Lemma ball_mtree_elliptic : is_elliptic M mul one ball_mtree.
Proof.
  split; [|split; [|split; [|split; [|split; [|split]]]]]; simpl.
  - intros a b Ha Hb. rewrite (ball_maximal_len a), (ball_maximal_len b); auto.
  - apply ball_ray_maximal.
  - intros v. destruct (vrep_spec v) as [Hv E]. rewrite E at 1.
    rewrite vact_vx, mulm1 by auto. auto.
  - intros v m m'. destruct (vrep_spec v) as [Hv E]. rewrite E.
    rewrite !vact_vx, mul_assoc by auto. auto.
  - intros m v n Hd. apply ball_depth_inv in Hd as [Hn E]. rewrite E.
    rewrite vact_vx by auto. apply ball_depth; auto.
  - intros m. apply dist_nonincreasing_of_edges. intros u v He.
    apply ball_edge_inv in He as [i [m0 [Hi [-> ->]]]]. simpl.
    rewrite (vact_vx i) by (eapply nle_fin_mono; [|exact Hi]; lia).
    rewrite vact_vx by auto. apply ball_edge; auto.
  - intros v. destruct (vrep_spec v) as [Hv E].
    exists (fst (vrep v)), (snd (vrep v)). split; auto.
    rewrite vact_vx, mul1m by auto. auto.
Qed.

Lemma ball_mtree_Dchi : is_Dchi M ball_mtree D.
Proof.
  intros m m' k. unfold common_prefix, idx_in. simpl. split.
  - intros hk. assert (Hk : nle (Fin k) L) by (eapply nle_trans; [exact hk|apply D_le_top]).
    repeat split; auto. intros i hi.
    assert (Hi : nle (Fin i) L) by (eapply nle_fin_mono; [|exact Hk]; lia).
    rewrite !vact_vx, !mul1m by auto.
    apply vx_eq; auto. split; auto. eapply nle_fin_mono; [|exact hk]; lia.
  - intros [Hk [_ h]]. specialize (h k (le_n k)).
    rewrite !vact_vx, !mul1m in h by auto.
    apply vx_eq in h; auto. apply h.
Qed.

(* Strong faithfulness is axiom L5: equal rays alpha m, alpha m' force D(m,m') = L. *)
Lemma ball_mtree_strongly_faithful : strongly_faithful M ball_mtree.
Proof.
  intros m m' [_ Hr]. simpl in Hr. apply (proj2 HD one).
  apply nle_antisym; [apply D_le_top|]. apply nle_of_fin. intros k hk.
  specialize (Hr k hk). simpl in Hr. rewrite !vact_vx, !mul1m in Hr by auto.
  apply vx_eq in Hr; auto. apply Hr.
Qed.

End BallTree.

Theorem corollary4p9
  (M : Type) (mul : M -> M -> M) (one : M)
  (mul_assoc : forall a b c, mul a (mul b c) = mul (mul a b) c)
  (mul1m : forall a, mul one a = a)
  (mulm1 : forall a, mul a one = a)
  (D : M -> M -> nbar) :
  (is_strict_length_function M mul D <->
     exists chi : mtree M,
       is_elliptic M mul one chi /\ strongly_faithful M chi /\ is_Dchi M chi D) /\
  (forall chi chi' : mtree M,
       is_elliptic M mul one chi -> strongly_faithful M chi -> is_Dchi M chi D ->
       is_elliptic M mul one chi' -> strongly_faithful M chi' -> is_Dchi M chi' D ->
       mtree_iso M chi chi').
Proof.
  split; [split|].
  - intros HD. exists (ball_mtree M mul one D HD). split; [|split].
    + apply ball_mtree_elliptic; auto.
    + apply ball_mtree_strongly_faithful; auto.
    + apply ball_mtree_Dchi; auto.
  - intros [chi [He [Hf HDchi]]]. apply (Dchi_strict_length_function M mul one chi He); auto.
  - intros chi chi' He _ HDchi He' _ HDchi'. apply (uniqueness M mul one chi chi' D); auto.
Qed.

+ + + + +

**PROMPT:**
Take the lines from the first line of the records through the line holding "repeat split; auto. intros i hi.", both included, and please reproduce them exactly with nothing added.

**RESULT BELOW:**
Lemma ball_mtree_elliptic : is_elliptic M mul one ball_mtree.
Proof.
  split; [|split; [|split; [|split; [|split; [|split]]]]]; simpl.
  - intros a b Ha Hb. rewrite (ball_maximal_len a), (ball_maximal_len b); auto.
  - apply ball_ray_maximal.
  - intros v. destruct (vrep_spec v) as [Hv E]. rewrite E at 1.
    rewrite vact_vx, mulm1 by auto. auto.
  - intros v m m'. destruct (vrep_spec v) as [Hv E]. rewrite E.
    rewrite !vact_vx, mul_assoc by auto. auto.
  - intros m v n Hd. apply ball_depth_inv in Hd as [Hn E]. rewrite E.
    rewrite vact_vx by auto. apply ball_depth; auto.
  - intros m. apply dist_nonincreasing_of_edges. intros u v He.
    apply ball_edge_inv in He as [i [m0 [Hi [-> ->]]]]. simpl.
    rewrite (vact_vx i) by (eapply nle_fin_mono; [|exact Hi]; lia).
    rewrite vact_vx by auto. apply ball_edge; auto.
  - intros v. destruct (vrep_spec v) as [Hv E].
    exists (fst (vrep v)), (snd (vrep v)). split; auto.
    rewrite vact_vx, mul1m by auto. auto.
Qed.

Lemma ball_mtree_Dchi : is_Dchi M ball_mtree D.
Proof.
  intros m m' k. unfold common_prefix, idx_in. simpl. split.
  - intros hk. assert (Hk : nle (Fin k) L) by (eapply nle_trans; [exact hk|apply D_le_top]).
    repeat split; auto. intros i hi.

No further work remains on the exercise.